Entries follow. Give back exactly the lines starting at the one containing "Definition finrv (A" and ending at the one containing "P ([set w |", and no other lines.

========================================

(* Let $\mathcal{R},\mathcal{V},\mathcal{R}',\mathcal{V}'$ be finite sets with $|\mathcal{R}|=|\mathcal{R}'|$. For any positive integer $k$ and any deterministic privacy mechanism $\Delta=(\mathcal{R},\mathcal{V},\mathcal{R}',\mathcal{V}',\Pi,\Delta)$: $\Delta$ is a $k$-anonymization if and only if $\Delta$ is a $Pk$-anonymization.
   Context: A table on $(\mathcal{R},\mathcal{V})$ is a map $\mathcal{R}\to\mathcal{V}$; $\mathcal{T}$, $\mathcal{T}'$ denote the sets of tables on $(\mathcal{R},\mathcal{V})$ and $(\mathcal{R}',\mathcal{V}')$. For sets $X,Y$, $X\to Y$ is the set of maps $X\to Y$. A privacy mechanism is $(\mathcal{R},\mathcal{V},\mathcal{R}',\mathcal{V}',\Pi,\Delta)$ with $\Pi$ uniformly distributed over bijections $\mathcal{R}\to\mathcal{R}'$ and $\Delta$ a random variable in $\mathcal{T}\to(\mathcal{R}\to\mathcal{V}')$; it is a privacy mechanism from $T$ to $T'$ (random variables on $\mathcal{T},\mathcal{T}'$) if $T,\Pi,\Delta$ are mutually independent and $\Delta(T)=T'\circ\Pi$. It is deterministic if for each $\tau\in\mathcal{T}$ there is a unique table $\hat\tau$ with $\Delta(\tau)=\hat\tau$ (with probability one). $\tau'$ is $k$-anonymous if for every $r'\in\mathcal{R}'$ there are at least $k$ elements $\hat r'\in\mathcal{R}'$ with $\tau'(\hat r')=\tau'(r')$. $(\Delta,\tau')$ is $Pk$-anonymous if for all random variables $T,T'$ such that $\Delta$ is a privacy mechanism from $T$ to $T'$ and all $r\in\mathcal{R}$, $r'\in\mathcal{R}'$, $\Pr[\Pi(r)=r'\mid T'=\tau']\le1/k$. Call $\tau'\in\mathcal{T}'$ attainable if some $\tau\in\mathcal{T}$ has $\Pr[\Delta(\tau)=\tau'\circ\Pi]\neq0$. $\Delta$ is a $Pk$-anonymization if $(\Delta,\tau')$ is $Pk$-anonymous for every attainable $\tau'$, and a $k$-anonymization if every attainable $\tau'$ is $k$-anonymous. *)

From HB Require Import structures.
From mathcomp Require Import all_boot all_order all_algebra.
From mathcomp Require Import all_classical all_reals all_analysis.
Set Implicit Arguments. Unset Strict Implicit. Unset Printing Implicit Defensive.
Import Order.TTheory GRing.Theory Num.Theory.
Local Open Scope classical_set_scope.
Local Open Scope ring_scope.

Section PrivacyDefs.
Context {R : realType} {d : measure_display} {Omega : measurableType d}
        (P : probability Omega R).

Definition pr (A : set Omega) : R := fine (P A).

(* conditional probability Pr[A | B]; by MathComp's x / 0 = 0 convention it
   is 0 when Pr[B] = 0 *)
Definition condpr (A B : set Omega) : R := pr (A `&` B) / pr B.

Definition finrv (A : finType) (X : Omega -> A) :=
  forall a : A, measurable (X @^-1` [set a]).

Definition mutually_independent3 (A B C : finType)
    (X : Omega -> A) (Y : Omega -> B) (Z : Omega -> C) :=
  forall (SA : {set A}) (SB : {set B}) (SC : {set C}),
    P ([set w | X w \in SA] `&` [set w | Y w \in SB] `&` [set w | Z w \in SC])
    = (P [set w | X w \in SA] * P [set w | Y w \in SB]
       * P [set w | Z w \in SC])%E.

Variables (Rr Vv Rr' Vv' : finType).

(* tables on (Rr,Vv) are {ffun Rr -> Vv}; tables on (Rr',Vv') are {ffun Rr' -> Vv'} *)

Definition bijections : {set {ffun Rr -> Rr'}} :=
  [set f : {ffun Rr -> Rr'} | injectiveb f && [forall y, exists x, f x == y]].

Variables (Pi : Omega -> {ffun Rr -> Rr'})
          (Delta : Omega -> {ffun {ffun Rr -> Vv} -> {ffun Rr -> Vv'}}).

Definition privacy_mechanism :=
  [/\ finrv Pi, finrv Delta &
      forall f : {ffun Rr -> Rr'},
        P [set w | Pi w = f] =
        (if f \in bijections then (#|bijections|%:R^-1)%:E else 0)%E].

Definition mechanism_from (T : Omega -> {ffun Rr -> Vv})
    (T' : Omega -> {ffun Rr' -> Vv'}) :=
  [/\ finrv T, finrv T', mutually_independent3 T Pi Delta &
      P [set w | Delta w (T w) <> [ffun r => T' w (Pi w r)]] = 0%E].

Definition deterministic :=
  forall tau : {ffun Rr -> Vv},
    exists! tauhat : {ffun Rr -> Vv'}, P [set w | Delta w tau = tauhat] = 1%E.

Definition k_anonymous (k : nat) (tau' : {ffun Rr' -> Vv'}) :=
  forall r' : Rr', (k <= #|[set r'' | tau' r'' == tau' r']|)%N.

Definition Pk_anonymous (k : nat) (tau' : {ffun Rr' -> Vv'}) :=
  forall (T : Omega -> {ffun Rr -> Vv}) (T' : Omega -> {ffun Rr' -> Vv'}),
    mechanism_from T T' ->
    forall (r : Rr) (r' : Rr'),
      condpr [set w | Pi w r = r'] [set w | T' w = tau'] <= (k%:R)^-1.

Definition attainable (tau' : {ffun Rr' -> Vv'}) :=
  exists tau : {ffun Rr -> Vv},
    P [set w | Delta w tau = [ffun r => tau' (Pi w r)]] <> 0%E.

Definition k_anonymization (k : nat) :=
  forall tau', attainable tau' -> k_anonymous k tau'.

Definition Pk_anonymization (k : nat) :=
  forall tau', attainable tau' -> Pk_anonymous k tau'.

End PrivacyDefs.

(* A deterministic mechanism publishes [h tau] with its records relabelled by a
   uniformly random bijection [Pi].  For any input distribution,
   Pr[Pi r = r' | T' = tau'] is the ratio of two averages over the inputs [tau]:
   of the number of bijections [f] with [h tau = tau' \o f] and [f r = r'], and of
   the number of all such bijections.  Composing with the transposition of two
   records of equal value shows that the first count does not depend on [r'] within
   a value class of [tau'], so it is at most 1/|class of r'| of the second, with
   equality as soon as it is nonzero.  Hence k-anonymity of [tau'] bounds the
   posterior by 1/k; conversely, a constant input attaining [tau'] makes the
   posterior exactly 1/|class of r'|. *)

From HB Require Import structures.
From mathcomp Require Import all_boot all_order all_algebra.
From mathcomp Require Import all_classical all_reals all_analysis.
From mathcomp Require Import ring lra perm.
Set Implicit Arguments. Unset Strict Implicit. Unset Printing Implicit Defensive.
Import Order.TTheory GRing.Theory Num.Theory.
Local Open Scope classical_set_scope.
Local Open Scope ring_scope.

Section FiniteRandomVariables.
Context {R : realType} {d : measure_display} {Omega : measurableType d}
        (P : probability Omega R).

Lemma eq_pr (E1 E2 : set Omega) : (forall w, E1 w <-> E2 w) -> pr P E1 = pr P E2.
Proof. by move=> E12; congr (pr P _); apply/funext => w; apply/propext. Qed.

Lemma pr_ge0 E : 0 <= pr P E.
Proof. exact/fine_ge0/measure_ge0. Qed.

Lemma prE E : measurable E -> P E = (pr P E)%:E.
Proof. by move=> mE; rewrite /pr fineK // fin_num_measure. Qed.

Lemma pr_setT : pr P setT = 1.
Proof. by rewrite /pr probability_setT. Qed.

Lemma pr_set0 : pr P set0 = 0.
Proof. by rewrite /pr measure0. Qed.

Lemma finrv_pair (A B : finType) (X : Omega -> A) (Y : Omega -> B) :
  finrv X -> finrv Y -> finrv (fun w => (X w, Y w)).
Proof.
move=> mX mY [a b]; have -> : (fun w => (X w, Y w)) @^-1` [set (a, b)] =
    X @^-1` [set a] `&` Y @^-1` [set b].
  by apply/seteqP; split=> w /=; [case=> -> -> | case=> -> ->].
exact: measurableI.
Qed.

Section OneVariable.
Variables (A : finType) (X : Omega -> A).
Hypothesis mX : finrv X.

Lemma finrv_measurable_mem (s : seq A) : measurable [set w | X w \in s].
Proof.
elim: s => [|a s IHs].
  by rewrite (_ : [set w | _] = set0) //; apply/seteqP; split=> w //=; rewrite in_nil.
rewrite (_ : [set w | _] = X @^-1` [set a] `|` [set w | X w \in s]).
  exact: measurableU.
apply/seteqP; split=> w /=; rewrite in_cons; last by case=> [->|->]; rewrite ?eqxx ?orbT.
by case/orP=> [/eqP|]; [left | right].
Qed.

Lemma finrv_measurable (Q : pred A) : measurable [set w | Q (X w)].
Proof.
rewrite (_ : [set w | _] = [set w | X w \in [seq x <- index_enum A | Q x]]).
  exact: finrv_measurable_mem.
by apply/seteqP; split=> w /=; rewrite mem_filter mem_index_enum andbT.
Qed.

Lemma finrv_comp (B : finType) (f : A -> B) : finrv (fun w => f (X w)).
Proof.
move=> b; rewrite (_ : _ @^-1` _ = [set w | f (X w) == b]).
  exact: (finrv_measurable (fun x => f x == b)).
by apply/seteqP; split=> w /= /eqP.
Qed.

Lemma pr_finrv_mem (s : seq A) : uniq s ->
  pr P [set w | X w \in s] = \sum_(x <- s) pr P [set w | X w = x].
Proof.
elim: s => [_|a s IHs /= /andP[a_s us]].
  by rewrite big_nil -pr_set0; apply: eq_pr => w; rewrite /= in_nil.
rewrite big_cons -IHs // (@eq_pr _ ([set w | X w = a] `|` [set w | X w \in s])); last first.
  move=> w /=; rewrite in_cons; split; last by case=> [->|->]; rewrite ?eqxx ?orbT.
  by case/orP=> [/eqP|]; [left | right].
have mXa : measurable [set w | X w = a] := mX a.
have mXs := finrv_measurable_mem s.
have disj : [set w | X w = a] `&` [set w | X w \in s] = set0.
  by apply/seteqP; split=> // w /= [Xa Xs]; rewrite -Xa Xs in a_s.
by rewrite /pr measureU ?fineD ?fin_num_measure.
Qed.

========================================

* **SOLUTION**
Definition finrv (A : finType) (X : Omega -> A) :=
  forall a : A, measurable (X @^-1` [set a]).

Definition mutually_independent3 (A B C : finType)
    (X : Omega -> A) (Y : Omega -> B) (Z : Omega -> C) :=
  forall (SA : {set A}) (SB : {set B}) (SC : {set C}),
    P ([set w | X w \in SA] `&` [set w | Y w \in SB] `&` [set w | Z w \in SC])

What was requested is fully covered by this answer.